O zaman ayrılık ya da ölümlerde çocuk anneden ayrılıp baba tarafına verilirdi. Bir kadın bunu dava etti. Hz. Peygamber bir süre bekledi. Ve sonra hükmü “Ana çocuktan çocuk anadan ayrılamaz” diye ilan etti.
“Zıhar” diye bir şey vardı. Erkek kadını kendine haram kabul eder, annem gibisin der, boşamaz da, ölüme kadar eziyet ederdi.
Vahyi değerlerin ışığında eğitilen kadın bu durumu da Peygambere taşıdı. Peygamber vahiy bekledi. Vahiyde Mücadele Suresi’nin ilk ayetleri geldi. “Allah seninle tartışan kadının davasını işitmiştir” diye Allah hükmünü gönderdi. Bunun yanlış olduğu açıklandı. Kadının mücadelesinden dolayı surenin adı Mücadele suresi oldu.
PEYGAMBERİMİZ KIZ TORUNUNU SIRTINDA TAŞIRDI
Peki sadece sorunlar iletilince mi çözüm aranıyordu?
Kız çocuklarının hakir görülmesi, diri diri gömülmesi hadisesinin yaşandığı bir toplumda Hz. Peygamber kız çocuklarını yüceltti.
Peygamber Efendimiz namaz kılarken Hz. Hasan ve Hüseyin’in sırtına çıktığı anlatılır. Halbuki bu olay daha çok Hz. Zeynep’ten olan Umame adındaki kız torunuyla yaşanmıştır. Umame Peygamberimizin yanında kalıyordu. Eski siyer kitapları daha çok Umame’den bahseder.
O dönemde Hz. Hasan, Hüseyin’i omzuna alıp mescide götürmesi önemli değil. Önemli olan kız çocuğunun yüceltilmesiydi. Hz. Muhammed Umameyi omzuna alır, mescide götürür, namaz kılarken omzuna çıkınca yere düşmesin diye kıyama kalkarken alır yere koyardı.

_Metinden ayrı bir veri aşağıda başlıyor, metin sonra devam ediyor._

(* Let the MT pdf at time $t-1$ be a mixture over $n$-target hypotheses $q^{(n)}$, $$p_{t-1}(X,n)=\sum_{q^{(n)}}\omega^{q^{(n)}}_{t-1}\sum_\nu\prod_{i=1}^n p^{q^{(n)},i}_{t-1}(x_{\nu_i}),$$ and suppose no birth or death. Then (i) the predicted MT pdf $p_t^-(X,n)=\frac1{n!}\int p(X,n\mid X',n)p_{t-1}(X',n)dX'$ is $$p_t^-(X,n)=\sum_{q^{(n)}}\omega^{q^{(n)}}_{t-1}\sum_\nu\prod_{i}p_t^{q^{(n)},i-}(x_{\nu_i}),\qquad p_t^{q^{(n)},i-}(x)=\int p(x\mid x')p^{q^{(n)},i}_{t-1}(x')dx';$$ and (ii) given measurements $Z_t=\{z^t_1,\dots,z^t_m\}$, the Bayes-updated MT pdf $p_t(X,n\mid Z_t)=\frac{p(Z_t\mid X,n)p_t^-(X,n)}{\sum_q\frac1{q!}\int p(Z_t\mid X',q)p_t^-(X',q)dX'}$ equals $$p_t(X,n\mid Z_t)=\sum_{q^{(n)}}\sum_{\sigma^{(n)}}\omega_t^{q^{(n)}\sigma^{(n)}}\sum_\nu\prod_i p_t^{q^{(n)}\sigma^{(n)},i}\big(x_{\nu_i}\mid z^t_{\sigma^{(n)}_i}\big),$$ where $$p_t^{q^{(n)}\sigma^{(n)},i}(x\mid z)=\frac{p(z\mid x)\,p_t^{q^{(n)},i-}(x)}{\int p(z\mid x')\,p_t^{q^{(n)},i-}(x')dx'},$$ $$\omega_t^{q^{(n)}\sigma^{(n)}}=\frac{\omega^{q^{(n)}}_{t-1}\,p(\sigma^{(n)}\mid n)\,l_{q^{(n)}\sigma^{(n)}}}{\sum_q\sum_{r^{(q)}}\sum_{\nu^{(q)}}\omega^{r^{(q)}}_{t-1}\,p(\nu^{(q)}\mid q)\,l_{r^{(q)}\nu^{(q)}}},\qquad l_{q^{(n)}\sigma^{(n)}}=\frac{k!}{V^k}\prod_i\int p(z^t_{\sigma^{(n)}_i}\mid x)\,p_t^{q^{(n)},i-}(x)dx,$$ $k$ being the number of measurements assigned to clutter by $\sigma^{(n)}$, and the denominator summing over all cardinalities $q$, all prior $q$-target hypotheses $r^{(q)}$ and all $q$-target data associations $\nu^{(q)}$.
   Context: A multi-target (MT) pdf is a function $p(X,n)$ of a cardinality $n$ and an unordered collection $X=\{x_1,\dots,x_n\}$ of points in $\mathbb{R}^d$; $\sum_\nu$ is the sum over all permutations $\nu$ of $\{1,\dots,n\}$; the integral over $n$-element collections is $\frac{1}{n!}\int\cdot\,dx_1\cdots dx_n$. Single-target transition density $p(x\mid x')$; without birth or death the MT transition density is $p(X,n\mid X',n)=\sum_\nu\prod_{i=1}^n p(x_{\nu_i}\mid x'_i)$. Single-target likelihood $p(z\mid x)$. Given measurements $Z=\{z_1,\dots,z_m\}$, a data association hypothesis for $n$ targets is $\sigma^{(n)}=(\sigma^{(n)}_1,\dots,\sigma^{(n)}_n)$ with $\sigma^{(n)}_i\in\{z_1,\dots,z_m,\phi\}$, each measurement assigned to at most one target ($\phi$ = missed detection); the $k$ measurements not assigned to any target are clutter. Convention: $p(\phi\mid x)=1$ (so updating with $\phi$ leaves a pdf unchanged). The MT likelihood is $p(Z\mid X,n)=\sum_{\sigma^{(n)}}p(Z\mid\sigma^{(n)},X,n)\,p(\sigma^{(n)}\mid n)$ with $p(\sigma^{(n)}\mid n)=p_D^{m-k}(1-p_D)^{n-(m-k)}e^{-\lambda V}\frac{(\lambda V)^k}{k!}$ (detection probability $p_D$, Poisson clutter of rate $\lambda$ uniform on sensor volume $V$) and $p(Z\mid\sigma^{(n)},X,n)=\frac{k!}{V^k}\prod_{i=1}^n p(z_{\sigma^{(n)}_i}\mid x_i)$. *)

From HB Require Import structures.
From mathcomp Require Import all_boot all_order all_algebra fingroup perm.
From mathcomp Require Import all_classical all_reals all_analysis.
Set Implicit Arguments.
Unset Strict Implicit.
Unset Printing Implicit Defensive.
Import Order.TTheory GRing.Theory Num.Theory.
Local Open Scope ring_scope.
Local Open Scope ereal_scope.

(* Single-target state space: a measurable space T with a (sigma-finite)
   reference measure mu (Lebesgue measure on R^d in the paper).
   Multi-target states with n targets are represented by n-tuples
   (x_1,...,x_n); all MT pdfs below are symmetric in the tuple. *)

Section MT.
Context {d : measure_display} {T : measurableType d} {R : realType}.
Variable mu : {measure set T -> \bar R}.

Fixpoint iterint (n : nat) : (n.-tuple T -> \bar R) -> \bar R :=
  match n return (n.-tuple T -> \bar R) -> \bar R with
  | 0 => fun F => F [tuple]
  | n'.+1 => fun F => \int[mu]_x iterint (fun t => F (cons_tuple x t))
  end.

(* integral over n-element collections: (1/n!) \int . dx_1 ... dx_n *)
Definition mt_int (n : nat) (F : n.-tuple T -> \bar R) : \bar R :=
  ((n`!)%:R^-1)%:E * iterint F.

(* trans x x' = p(x | x') *)
Variable trans : T -> T -> R.

Definition mt_trans (n : nat) (X X' : n.-tuple T) : R :=
  (\sum_(nu : 'S_n) \prod_(i < n) trans (tnth X (nu i)) (tnth X' i))%R.

Definition mt_mix (H : nat -> finType) (w : forall n, H n -> R)
  (f : forall n, H n -> 'I_n -> T -> R) (n : nat) (X : n.-tuple T) : R :=
  (\sum_(q : H n) w n q *
     \sum_(nu : 'S_n) \prod_(i < n) f n q i (tnth X (nu i)))%R.

Definition mt_pred (H : nat -> finType) (w : forall n, H n -> R) (f : forall n, H n -> 'I_n -> T -> R) (n : nat) (X : n.-tuple T) : \bar R :=
  mt_int (fun X' => (mt_trans X X' * mt_mix w f X')%:E).

Definition st_pred (g : T -> R) (x : T) : \bar R :=
  \int[mu]_x' (trans x x' * g x')%:E.

(* data association hypotheses for n targets and m measurements:
   sigma_i = Some j (measurement z_j) or None (phi, missed detection) *)
Definition assoc (n m : nat) := {ffun 'I_n -> option 'I_m}.

Definition valid_assoc n m (s : assoc n m) : bool :=
  [forall i, forall j, ((s i != None) && (s i == s j)) ==> (i == j)].

Definition ndet n m (s : assoc n m) : nat := #|[set i | s i != None]|.

Definition nclut n m (s : assoc n m) : nat := (m - ndet s)%N.

Definition p_assoc (pD lam V : R) n m (s : assoc n m) : R :=
  (pD ^+ ndet s * (1 - pD) ^+ (n - ndet s) * expR (- (lam * V)) *
   (lam * V) ^+ nclut s / (nclut s)`!%:R)%R.

(* p(z | x) extended with the convention p(phi | x) = 1 *)
Definition lik_opt {Mz : Type} (g : Mz -> T -> R) m (Z : 'I_m -> Mz)
  (o : option 'I_m) (x : T) : R :=
  if o is Some j then g (Z j) x else 1%R.

Definition p_Z_assoc {Mz : Type} (g : Mz -> T -> R) (V : R) m (Z : 'I_m -> Mz)
  n (s : assoc n m) (X : n.-tuple T) : R :=
  ((nclut s)`!%:R / V ^+ nclut s * \prod_(i < n) lik_opt g Z (s i) (tnth X i))%R.

Definition mt_lik {Mz : Type} (g : Mz -> T -> R) (pD lam V : R) m
  (Z : 'I_m -> Mz) n (X : n.-tuple T) : R :=
  (\sum_(s : assoc n m | valid_assoc s)
     p_Z_assoc g V Z s X * p_assoc pD lam V s)%R.

Definition bayes_norm (H : nat -> finType) (w : forall n, H n -> R) (f : forall n, H n -> 'I_n -> T -> R) {Mz : Type} (g : Mz -> T -> R) (pD lam V : R) m
  (Z : 'I_m -> Mz) : \bar R :=
  \sum_(q <oo) mt_int (fun X' : q.-tuple T => (mt_lik g pD lam V Z X')%:E * mt_pred w f X').

Definition mt_post (H : nat -> finType) (w : forall n, H n -> R) (f : forall n, H n -> 'I_n -> T -> R) {Mz : Type} (g : Mz -> T -> R) (pD lam V : R) m
  (Z : 'I_m -> Mz) n (X : n.-tuple T) : \bar R :=
  (mt_lik g pD lam V Z X)%:E * mt_pred w f X *
  ((fine (bayes_norm w f g pD lam V Z))^-1)%:E.

Definition st_norm {Mz : Type} (g : Mz -> T -> R) m (Z : 'I_m -> Mz)
  (h : T -> R) (o : option 'I_m) : \bar R :=
  \int[mu]_x ((lik_opt g Z o x)%:E * st_pred h x).

Definition st_upd {Mz : Type} (g : Mz -> T -> R) m (Z : 'I_m -> Mz)
  (h : T -> R) (o : option 'I_m) (x : T) : \bar R :=
  (lik_opt g Z o x)%:E * st_pred h x * ((fine (st_norm g Z h o))^-1)%:E.

Definition l_qs H (f : forall n, H n -> 'I_n -> T -> R) {Mz : Type}
  (g : Mz -> T -> R) (V : R) m (Z : 'I_m -> Mz) n (q : H n) (s : assoc n m)
  : \bar R :=
  ((nclut s)`!%:R / V ^+ nclut s)%:E *
  \big[*%E/1%E]_(i < n) st_norm g Z (f n q i) (s i).

Definition weight_norm (H : nat -> finType) (w : forall n, H n -> R) (f : forall n, H n -> 'I_n -> T -> R) {Mz : Type} (g : Mz -> T -> R) (pD lam V : R) m
  (Z : 'I_m -> Mz) : \bar R :=
  \sum_(q <oo) \sum_(r : H q) \sum_(s : assoc q m | valid_assoc s)
     (w q r * p_assoc pD lam V s)%:E * l_qs f g V Z r s.

Definition weight_upd (H : nat -> finType) (w : forall n, H n -> R) (f : forall n, H n -> 'I_n -> T -> R) {Mz : Type} (g : Mz -> T -> R) (pD lam V : R) m
  (Z : 'I_m -> Mz) n (q : H n) (s : assoc n m) : \bar R :=
  (w n q * p_assoc pD lam V s)%:E * l_qs f g V Z q s *
  ((fine (weight_norm w f g pD lam V Z))^-1)%:E.

End MT.

From HB Require Import structures.
From mathcomp Require Import all_boot all_order all_algebra fingroup perm.
From mathcomp Require Import all_classical all_reals all_analysis.
From mathcomp Require Import measurable_realfun ring.
Import Order.TTheory GRing.Theory Num.Theory.
Local Open Scope ring_scope.
Local Open Scope ereal_scope.

(* All MT quantities are symmetrisations of products of single-target
   functions.  By Tonelli, the iterated integral of a nonnegative finite sum of
   products is the sum of the products of the one-dimensional integrals, and
   the n! relabellings of the integration variables cancel the factor 1/n!.
   This gives the prediction formula.  For the update, the relabelling
   sigma |-> sigma o nu is a bijection of valid data associations that
   preserves p(sigma | n) and the clutter count, so p(Z|X,n) p^-(X,n) is a sum
   over (q, sigma, nu) of products of per-target factors
   p(z_{sigma_i} | x) p^{q,i-}(x); integrating it shows that the Bayes
   normaliser equals the normaliser of the updated weights, and dividing each
   factor by its integral yields the updated single-target pdfs. *)

Lemma big_ord_perm {S : Type} {idx : S} {op : Monoid.com_law idx} {n}
  (s : 'S_n) (F : 'I_n -> S) :
  \big[op/idx]_(i < n) F (s i) = \big[op/idx]_(i < n) F i.
Proof. by rewrite [RHS](reindex_inj (@perm_inj _ s)). Qed.

Lemma fact_neq0 (R : numDomainType) n : ((n`!)%:R : R) != 0%R.
Proof. by rewrite pnatr_eq0 -lt0n fact_gt0. Qed.

Lemma invfact_sum_perm (R : realType) n (S : \bar R) :
  ((n`!)%:R^-1)%:E * \sum_(nu : 'S_n) S = S.
Proof.
rewrite sumr_const card_Sn.
have -> : (S *+ n`!)%R = S *+ n`! by [].
by rewrite -mule_natl muleA -EFinM mulVf ?fact_neq0 // mul1e.
Qed.

Lemma mule_fineV (R : realType) (x : \bar R) :
  x \is a fin_num -> x != 0 -> x * ((fine x)^-1)%:E = 1.
Proof. by move=> xf x0; rewrite -{1}(fineK xf) -EFinM mulfV // fine_eq0. Qed.

Section IteratedIntegral.
Context {d : measure_display} {T : measurableType d} {R : realType}.
Variable mu : {measure set T -> \bar R}.

Lemma iterint_sum_prod n (K : finType) (c : K -> \bar R)
    (h : K -> 'I_n -> T -> \bar R) :
  (forall k, 0 <= c k) -> (forall k i x, 0 <= h k i x) ->
  (forall k i, measurable_fun [set: T] (h k i : T -> \bar R)) ->
  iterint mu (fun X : n.-tuple T =>
    \sum_(k : K) c k * \prod_(i < n) h k i (tnth X i))
  = \sum_(k : K) c k * \prod_(i < n) \int[mu]_x h k i x.
Proof.
elim: n K c h => [|n IH] K c h c0 h0 hm /=.
  by apply: eq_bigr => k _; rewrite !big_ord0.
have int_ge0 k i : 0 <= \int[mu]_y h k i y.
  by apply: integral_ge0 => y _; exact: h0.
have peel x : (fun t : n.-tuple T =>
    \sum_k c k * \prod_(i < n.+1) h k i (tnth (cons_tuple x t) i)) =
  fun t => \sum_k (c k * h k ord0 x) * \prod_(i < n) h k (lift ord0 i) (tnth t i).
  apply: funext => t; apply: eq_bigr => k _; rewrite big_ord_recl muleA.
  by under eq_bigr => i _ do rewrite tnthS.
under eq_integral => x _.
  rewrite peel (IH K (fun k => c k * h k ord0 x) (fun k i => h k (lift ord0 i))) //.
  - over.
  - by move=> k; apply: mule_ge0.
set F := fun k x => c k * h k ord0 x * \prod_(i < n) \int[mu]_y h k (lift ord0 i) y.
have mF k : measurable_fun [set: T] (F k) by do 2 apply: emeasurable_funM => //.
have F0 k x : (setT : set T) x -> 0 <= F k x.
  by move=> _; apply: mule_ge0; [exact: mule_ge0 | exact: prode_ge0].
rewrite (ge0_integral_sum mu measurableT mF F0) /F; apply: eq_bigr => k _.
under eq_integral => x _ do rewrite muleAC.
rewrite ge0_integralZl //; last by apply: mule_ge0 => //; exact: prode_ge0.
by rewrite big_ord_recl muleAC muleA.
Qed.

Lemma iterint_sum_prod_perm n (K : finType) (P : pred K) (c : K -> \bar R)
    (h : K -> 'I_n -> T -> \bar R) (nu : K -> 'S_n) :
  (forall k, 0 <= c k) -> (forall k i x, 0 <= h k i x) ->
  (forall k i, measurable_fun [set: T] (h k i : T -> \bar R)) ->
  iterint mu (fun X : n.-tuple T =>
    \sum_(k | P k) c k * \prod_(i < n) h k i (tnth X (nu k i)))
  = \sum_(k | P k) c k * \prod_(i < n) \int[mu]_x h k i x.
Proof.
move=> c0 h0 hm.
have -> : (fun X : n.-tuple T =>
    \sum_(k | P k) c k * \prod_(i < n) h k i (tnth X (nu k i))) =
  fun X => \sum_k (if P k then c k else 0) *
    \prod_(i < n) h k ((nu k)^-1%g i) (tnth X i).
  apply: funext => X; rewrite big_mkcond; apply: eq_bigr => k _.
  case: (P k); last by rewrite mul0e.
  rewrite -[in RHS](big_ord_perm (nu k)).
  by under [in RHS]eq_bigr => i _ do rewrite permK.
rewrite (@iterint_sum_prod n K (fun k => if P k then c k else 0)
  (fun k i => h k ((nu k)^-1%g i))); first last.
- by move=> k i; exact: hm.
- by move=> k i x; exact: h0.
- by move=> k; case: (P k).
rewrite [RHS]big_mkcond; apply: eq_bigr => k _.
case: (P k); last by rewrite mul0e.
by rewrite (big_ord_perm (nu k)^-1%g (fun i => \int[mu]_x h k i x)).
Qed.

Bunu toplumda kızlarla ilgili düşünceleri yıkmak için yapıyor. Çünkü Peygamberimizi sadece etrafındakiler görmüyor. Müslüman olmaya karar vermiş, Peygamber Efendimizi merak etmiş görmeye gelenler var. Bunlar Peygamberin omuzları üstünde bir kız çocuğu görünce şaşırıp kalırlar.